** Stored items **
******************************
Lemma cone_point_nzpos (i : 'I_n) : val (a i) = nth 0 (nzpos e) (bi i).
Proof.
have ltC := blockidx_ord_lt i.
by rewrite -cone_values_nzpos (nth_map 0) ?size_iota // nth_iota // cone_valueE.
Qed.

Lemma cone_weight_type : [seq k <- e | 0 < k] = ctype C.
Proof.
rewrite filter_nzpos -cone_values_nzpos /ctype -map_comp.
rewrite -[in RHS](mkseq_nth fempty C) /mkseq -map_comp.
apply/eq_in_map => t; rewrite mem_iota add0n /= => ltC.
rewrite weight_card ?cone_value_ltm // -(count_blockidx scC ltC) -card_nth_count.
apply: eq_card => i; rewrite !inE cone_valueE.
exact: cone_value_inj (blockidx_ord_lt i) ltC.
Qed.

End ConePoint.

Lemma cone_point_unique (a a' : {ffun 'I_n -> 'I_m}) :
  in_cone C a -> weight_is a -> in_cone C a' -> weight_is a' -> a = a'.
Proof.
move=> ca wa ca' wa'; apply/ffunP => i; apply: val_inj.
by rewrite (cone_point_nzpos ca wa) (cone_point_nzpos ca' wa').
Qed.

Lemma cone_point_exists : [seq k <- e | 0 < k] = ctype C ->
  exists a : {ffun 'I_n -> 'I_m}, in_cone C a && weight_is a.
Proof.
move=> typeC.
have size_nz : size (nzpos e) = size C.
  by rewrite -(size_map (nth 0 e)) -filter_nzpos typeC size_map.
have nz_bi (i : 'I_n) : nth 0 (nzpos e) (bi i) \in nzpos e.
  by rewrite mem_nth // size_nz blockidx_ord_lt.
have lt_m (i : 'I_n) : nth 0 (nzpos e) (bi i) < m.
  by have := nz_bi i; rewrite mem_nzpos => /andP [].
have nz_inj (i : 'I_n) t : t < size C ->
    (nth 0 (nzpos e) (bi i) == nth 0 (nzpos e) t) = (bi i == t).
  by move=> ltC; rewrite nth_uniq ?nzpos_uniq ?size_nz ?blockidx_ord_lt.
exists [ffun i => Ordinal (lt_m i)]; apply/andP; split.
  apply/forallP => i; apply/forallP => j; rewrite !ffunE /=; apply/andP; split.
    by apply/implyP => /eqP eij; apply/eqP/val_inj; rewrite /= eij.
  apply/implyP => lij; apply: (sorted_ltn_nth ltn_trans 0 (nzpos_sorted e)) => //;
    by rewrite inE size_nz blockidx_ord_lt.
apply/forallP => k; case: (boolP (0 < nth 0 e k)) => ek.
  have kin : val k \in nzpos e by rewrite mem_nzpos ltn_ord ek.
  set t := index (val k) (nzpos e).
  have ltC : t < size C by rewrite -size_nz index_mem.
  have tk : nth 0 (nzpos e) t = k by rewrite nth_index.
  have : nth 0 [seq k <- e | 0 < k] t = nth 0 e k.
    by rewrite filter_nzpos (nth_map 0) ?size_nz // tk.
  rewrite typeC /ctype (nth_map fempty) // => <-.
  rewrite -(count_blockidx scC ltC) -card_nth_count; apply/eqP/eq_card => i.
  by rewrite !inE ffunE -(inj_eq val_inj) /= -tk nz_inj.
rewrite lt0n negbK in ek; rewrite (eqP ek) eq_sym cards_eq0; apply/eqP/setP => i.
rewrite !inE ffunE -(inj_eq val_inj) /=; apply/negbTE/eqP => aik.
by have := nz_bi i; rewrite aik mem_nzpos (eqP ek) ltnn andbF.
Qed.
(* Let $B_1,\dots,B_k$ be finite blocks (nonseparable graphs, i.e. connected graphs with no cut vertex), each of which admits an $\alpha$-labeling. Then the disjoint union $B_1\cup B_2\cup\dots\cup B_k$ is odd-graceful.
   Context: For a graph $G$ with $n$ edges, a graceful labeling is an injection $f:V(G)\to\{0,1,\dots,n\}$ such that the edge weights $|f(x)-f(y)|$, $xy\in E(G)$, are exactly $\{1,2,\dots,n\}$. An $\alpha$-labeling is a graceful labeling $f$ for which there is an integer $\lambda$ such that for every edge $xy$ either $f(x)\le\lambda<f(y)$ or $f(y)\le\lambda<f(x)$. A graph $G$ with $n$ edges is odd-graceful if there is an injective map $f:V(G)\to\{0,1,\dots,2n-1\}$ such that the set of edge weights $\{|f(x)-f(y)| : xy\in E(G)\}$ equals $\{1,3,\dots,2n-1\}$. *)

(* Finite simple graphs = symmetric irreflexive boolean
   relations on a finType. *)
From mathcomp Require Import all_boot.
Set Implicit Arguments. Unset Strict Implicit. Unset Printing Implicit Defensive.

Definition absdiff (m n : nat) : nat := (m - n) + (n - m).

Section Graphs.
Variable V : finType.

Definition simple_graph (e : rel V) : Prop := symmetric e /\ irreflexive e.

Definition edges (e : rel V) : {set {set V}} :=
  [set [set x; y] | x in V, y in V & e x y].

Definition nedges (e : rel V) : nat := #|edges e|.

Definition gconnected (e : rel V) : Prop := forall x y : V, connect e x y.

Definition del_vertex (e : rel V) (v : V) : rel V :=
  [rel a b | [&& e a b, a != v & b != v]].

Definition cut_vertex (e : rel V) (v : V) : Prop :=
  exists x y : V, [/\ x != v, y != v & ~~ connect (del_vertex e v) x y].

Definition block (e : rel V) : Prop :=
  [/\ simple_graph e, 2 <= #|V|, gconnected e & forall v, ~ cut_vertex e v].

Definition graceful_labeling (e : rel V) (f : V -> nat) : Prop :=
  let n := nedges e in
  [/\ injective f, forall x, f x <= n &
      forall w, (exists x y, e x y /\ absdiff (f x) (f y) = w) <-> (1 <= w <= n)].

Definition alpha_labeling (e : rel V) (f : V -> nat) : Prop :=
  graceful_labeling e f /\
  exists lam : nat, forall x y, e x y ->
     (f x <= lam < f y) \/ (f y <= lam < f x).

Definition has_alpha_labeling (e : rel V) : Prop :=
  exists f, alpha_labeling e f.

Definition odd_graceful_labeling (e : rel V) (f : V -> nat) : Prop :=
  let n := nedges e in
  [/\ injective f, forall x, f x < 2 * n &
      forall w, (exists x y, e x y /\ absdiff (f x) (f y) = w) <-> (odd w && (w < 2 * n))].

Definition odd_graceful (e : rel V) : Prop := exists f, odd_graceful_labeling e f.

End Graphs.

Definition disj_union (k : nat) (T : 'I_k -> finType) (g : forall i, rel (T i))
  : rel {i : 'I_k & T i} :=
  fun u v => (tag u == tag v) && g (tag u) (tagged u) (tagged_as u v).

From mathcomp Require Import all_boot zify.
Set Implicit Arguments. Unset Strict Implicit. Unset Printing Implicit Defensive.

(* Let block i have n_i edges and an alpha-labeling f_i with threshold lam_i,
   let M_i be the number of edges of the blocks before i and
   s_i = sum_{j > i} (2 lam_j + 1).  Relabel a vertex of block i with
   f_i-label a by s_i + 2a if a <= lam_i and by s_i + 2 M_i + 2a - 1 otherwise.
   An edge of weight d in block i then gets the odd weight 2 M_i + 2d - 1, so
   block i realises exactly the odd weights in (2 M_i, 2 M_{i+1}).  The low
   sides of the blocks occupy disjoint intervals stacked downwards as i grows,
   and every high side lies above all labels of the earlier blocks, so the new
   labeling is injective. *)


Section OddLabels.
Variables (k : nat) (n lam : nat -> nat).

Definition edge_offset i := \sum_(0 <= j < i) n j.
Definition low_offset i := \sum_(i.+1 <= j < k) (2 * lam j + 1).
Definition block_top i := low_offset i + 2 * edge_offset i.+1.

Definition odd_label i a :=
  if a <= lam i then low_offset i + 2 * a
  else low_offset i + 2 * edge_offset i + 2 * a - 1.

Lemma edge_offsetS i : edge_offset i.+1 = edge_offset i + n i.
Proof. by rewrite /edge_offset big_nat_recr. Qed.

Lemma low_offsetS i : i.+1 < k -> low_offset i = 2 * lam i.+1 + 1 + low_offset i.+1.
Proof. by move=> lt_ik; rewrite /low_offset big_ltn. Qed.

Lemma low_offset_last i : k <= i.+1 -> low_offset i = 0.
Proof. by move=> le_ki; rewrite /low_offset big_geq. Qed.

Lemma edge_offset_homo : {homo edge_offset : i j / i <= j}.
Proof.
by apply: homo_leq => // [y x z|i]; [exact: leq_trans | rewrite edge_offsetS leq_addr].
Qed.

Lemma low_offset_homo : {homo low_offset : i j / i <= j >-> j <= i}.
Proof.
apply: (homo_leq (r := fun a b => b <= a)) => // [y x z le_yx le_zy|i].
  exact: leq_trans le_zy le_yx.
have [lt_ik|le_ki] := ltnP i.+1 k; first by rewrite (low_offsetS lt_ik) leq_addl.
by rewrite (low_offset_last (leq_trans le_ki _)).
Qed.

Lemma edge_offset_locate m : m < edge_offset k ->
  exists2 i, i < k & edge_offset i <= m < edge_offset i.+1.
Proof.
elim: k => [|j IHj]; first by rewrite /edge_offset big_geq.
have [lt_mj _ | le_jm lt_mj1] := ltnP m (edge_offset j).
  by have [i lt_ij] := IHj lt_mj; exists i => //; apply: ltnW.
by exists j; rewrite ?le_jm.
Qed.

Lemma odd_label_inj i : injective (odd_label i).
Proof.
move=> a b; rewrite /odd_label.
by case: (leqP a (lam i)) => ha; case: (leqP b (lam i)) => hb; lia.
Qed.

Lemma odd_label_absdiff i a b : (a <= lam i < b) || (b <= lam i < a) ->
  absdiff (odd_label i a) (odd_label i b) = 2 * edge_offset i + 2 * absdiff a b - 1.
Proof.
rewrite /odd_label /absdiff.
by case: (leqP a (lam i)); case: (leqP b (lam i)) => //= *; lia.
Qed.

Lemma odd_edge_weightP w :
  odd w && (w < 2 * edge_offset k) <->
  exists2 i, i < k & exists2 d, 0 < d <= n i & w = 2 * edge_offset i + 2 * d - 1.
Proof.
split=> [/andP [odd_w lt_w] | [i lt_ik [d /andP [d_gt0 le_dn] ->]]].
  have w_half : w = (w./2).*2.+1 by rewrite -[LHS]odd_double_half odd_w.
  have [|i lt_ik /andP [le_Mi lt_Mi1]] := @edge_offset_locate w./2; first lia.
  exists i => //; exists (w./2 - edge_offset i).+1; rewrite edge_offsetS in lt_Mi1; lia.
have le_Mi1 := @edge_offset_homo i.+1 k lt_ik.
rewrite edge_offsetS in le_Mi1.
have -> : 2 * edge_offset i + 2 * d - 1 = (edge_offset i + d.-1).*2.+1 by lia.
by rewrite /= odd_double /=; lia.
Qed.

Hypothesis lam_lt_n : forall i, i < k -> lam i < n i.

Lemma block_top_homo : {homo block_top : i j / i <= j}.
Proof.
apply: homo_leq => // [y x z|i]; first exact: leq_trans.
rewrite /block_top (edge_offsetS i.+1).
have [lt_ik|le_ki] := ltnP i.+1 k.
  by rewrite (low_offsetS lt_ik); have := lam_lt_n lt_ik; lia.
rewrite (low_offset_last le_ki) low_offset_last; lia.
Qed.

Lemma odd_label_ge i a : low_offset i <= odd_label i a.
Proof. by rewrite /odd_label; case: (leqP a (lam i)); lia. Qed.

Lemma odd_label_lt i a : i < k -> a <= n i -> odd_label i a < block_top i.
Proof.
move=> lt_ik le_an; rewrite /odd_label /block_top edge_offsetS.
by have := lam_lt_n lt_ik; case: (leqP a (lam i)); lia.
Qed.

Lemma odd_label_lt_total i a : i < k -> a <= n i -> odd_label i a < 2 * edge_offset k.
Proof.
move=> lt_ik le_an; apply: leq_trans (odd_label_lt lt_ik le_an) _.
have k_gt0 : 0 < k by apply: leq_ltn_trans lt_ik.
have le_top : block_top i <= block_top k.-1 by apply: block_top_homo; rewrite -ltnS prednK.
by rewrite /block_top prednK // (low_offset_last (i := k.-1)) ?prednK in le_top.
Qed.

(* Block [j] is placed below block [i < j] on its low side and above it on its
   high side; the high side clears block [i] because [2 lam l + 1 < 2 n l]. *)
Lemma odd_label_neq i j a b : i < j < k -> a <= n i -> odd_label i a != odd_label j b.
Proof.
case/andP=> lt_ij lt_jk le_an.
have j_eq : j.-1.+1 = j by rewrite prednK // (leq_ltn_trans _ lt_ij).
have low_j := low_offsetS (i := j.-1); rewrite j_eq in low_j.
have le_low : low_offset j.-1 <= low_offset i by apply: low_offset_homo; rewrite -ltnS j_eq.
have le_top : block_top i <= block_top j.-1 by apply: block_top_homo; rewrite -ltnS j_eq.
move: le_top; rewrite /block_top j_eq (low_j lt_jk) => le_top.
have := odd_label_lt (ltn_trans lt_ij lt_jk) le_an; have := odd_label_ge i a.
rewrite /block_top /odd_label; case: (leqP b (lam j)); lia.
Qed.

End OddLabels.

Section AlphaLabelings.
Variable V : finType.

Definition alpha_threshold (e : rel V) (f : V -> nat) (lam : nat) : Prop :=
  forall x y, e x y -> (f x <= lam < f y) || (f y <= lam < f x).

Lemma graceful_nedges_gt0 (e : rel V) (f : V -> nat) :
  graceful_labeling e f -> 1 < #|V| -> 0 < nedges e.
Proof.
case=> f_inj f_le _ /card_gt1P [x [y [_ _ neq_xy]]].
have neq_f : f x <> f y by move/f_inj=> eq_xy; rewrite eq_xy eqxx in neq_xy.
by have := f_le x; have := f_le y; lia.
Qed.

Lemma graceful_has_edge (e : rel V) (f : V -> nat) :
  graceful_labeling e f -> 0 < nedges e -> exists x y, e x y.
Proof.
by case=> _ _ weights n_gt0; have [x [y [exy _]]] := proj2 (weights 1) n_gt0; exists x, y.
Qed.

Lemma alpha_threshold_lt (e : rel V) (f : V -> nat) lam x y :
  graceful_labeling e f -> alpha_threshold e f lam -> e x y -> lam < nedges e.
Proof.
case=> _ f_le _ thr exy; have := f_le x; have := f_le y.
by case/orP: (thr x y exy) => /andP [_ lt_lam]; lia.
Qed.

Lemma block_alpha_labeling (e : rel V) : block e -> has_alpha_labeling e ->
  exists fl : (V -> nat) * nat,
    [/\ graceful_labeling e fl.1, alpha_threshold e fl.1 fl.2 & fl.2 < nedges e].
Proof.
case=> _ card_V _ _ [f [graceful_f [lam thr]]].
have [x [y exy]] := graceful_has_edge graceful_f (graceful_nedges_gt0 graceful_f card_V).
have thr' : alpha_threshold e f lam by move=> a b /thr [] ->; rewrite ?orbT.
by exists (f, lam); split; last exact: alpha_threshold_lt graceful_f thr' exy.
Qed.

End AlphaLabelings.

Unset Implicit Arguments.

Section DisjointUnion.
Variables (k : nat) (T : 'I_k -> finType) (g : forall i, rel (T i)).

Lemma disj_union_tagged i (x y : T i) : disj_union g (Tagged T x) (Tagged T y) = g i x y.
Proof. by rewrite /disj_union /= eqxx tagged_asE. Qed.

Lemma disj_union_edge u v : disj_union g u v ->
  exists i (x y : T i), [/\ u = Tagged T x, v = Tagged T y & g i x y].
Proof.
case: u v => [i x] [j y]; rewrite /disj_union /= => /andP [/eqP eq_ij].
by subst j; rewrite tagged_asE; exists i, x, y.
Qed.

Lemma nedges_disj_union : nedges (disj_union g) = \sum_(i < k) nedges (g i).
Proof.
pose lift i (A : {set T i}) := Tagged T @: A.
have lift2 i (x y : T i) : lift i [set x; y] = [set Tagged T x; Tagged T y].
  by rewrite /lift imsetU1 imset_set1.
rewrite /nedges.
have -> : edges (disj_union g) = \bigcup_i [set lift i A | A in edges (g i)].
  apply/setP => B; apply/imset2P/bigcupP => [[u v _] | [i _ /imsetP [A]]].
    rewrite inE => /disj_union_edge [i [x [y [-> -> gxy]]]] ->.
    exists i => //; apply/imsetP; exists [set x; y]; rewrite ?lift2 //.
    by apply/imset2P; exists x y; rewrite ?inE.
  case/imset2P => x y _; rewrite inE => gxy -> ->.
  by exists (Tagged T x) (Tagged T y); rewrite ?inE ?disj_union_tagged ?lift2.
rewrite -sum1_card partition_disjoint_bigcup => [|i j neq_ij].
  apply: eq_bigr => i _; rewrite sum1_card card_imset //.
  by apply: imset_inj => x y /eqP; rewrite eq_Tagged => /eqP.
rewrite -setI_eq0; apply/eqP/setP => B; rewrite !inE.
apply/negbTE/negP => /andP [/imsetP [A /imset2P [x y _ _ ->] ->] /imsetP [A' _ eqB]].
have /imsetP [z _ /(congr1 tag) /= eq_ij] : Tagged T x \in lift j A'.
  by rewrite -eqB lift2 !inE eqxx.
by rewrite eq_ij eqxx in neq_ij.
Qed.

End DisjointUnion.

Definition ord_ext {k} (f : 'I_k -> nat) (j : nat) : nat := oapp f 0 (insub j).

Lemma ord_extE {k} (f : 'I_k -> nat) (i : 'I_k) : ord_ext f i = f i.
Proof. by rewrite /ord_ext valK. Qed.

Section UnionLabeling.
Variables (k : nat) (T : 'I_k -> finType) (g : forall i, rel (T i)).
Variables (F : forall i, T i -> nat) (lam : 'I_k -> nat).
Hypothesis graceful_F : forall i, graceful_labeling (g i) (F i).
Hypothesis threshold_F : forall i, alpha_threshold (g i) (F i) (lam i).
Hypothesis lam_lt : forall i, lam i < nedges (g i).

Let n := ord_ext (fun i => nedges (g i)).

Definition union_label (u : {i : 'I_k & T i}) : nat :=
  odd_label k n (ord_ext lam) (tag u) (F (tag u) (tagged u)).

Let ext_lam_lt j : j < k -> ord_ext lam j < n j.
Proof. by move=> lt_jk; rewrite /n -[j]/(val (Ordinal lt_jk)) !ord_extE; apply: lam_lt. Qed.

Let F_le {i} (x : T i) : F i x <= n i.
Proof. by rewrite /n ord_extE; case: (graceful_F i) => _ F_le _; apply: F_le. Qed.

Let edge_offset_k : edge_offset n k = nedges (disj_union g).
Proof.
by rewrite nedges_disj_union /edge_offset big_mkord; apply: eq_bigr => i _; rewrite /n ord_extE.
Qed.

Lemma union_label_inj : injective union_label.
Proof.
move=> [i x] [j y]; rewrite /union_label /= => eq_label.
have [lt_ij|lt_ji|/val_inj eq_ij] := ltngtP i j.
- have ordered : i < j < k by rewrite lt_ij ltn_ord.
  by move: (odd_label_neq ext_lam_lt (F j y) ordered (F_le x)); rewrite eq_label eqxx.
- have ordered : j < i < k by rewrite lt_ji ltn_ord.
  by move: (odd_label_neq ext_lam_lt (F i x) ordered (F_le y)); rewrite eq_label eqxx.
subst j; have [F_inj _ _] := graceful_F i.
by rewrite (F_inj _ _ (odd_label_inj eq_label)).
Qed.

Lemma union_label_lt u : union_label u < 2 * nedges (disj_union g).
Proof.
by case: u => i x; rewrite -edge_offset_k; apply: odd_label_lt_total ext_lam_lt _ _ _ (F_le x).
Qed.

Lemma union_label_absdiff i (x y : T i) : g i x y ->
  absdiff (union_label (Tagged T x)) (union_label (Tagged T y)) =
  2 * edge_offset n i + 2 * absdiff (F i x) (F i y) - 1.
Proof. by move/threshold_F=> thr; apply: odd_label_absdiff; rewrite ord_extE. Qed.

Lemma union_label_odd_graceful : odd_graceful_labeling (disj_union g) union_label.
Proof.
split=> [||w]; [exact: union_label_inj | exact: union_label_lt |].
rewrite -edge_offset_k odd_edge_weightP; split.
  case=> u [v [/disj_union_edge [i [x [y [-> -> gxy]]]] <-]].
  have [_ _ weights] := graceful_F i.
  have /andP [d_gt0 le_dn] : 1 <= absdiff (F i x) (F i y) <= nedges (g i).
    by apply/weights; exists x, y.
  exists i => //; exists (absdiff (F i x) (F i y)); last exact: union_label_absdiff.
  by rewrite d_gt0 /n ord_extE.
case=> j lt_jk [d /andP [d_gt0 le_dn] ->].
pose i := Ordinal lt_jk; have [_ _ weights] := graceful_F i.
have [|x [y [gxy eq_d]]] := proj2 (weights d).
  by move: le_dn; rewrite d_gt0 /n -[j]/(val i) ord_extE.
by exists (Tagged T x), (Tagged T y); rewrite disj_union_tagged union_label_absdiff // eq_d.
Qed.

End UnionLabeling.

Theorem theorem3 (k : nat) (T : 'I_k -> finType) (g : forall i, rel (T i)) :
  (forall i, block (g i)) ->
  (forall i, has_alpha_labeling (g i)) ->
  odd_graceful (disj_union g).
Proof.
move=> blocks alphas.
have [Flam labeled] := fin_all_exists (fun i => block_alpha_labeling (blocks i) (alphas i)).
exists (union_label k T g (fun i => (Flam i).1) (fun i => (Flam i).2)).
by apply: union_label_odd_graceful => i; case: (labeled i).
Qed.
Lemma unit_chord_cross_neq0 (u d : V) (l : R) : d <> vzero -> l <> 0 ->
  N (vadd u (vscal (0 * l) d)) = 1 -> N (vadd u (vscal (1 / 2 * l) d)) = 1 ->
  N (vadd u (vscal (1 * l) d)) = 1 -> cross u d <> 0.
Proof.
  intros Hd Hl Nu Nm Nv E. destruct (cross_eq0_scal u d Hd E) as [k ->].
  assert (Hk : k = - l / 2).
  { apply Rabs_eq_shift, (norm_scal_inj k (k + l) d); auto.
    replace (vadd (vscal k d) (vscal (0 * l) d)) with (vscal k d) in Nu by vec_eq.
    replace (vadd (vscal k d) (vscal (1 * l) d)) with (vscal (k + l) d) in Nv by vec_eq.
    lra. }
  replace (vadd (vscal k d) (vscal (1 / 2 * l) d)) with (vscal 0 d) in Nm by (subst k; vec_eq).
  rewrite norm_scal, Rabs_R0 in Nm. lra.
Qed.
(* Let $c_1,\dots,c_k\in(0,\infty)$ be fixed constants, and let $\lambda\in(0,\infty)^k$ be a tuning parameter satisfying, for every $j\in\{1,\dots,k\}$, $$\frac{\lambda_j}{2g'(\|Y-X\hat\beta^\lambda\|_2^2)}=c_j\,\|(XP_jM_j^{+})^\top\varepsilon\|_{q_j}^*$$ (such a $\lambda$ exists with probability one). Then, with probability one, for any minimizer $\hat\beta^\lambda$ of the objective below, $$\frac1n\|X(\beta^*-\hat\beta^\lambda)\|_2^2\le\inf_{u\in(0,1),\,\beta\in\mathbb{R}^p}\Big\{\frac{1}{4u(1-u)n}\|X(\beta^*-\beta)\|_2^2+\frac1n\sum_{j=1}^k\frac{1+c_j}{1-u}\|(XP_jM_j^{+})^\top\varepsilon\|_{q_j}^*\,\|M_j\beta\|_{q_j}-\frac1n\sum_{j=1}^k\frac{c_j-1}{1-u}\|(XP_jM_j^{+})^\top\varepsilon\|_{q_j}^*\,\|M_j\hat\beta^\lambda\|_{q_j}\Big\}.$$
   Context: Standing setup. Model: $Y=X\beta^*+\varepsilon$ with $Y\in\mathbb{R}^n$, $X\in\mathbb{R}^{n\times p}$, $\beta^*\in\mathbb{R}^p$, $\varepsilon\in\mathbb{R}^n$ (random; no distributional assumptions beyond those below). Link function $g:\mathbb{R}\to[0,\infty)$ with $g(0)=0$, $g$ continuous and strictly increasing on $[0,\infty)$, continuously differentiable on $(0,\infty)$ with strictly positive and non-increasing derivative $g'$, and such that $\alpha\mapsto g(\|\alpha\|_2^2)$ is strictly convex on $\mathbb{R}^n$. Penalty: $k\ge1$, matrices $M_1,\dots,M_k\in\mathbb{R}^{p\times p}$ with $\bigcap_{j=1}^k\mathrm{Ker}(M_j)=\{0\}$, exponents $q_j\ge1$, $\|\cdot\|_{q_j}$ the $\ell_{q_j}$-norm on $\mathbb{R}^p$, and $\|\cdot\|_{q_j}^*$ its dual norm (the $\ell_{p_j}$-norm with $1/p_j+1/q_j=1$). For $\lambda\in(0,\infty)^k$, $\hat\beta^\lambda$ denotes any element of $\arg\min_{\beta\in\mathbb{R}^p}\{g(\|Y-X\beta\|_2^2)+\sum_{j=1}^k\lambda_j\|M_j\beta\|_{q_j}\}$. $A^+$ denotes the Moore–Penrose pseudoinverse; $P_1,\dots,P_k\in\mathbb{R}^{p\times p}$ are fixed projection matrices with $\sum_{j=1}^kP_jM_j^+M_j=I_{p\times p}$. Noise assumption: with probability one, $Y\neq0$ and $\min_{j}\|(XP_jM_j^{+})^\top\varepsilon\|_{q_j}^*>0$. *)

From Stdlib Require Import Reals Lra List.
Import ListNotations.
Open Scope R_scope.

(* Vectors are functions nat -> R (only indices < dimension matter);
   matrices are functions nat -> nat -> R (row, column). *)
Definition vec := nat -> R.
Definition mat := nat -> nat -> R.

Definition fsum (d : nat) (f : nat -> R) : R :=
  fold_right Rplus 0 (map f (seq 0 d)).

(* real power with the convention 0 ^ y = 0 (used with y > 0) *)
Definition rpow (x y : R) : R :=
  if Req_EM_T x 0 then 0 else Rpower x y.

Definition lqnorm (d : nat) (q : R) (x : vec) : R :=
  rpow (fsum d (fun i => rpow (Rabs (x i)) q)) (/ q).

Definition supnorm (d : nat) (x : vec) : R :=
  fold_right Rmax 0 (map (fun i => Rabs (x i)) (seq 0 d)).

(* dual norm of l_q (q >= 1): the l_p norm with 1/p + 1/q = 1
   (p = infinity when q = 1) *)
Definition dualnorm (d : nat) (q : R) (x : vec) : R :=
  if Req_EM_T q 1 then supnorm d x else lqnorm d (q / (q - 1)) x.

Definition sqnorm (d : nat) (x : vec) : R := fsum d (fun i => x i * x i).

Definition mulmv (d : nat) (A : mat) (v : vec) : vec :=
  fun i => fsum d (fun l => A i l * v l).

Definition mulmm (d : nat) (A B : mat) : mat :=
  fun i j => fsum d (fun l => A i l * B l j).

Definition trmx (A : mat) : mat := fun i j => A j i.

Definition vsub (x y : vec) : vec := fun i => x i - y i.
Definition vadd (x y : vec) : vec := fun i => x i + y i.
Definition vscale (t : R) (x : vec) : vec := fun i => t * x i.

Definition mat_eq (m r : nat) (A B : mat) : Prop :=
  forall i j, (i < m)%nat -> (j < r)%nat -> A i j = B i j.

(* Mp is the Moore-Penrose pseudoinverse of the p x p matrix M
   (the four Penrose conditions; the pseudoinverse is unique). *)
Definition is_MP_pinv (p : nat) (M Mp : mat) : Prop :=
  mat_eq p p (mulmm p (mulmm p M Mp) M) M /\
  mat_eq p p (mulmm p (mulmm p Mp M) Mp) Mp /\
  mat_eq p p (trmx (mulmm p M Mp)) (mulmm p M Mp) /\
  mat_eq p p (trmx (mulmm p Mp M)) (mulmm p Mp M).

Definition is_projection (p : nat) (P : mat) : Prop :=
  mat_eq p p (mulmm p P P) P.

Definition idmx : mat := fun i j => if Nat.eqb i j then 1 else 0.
******************************
** Exercise objective **
Exactly as they appear, retype the lines from the start of the records through the line containing "rewrite -[in RHS](mkseq_nth".

** Worked solution **
Lemma cone_point_nzpos (i : 'I_n) : val (a i) = nth 0 (nzpos e) (bi i).
Proof.
have ltC := blockidx_ord_lt i.
by rewrite -cone_values_nzpos (nth_map 0) ?size_iota // nth_iota // cone_valueE.
Qed.

Lemma cone_weight_type : [seq k <- e | 0 < k] = ctype C.
Proof.
rewrite filter_nzpos -cone_values_nzpos /ctype -map_comp.
rewrite -[in RHS](mkseq_nth fempty C) /mkseq -map_comp.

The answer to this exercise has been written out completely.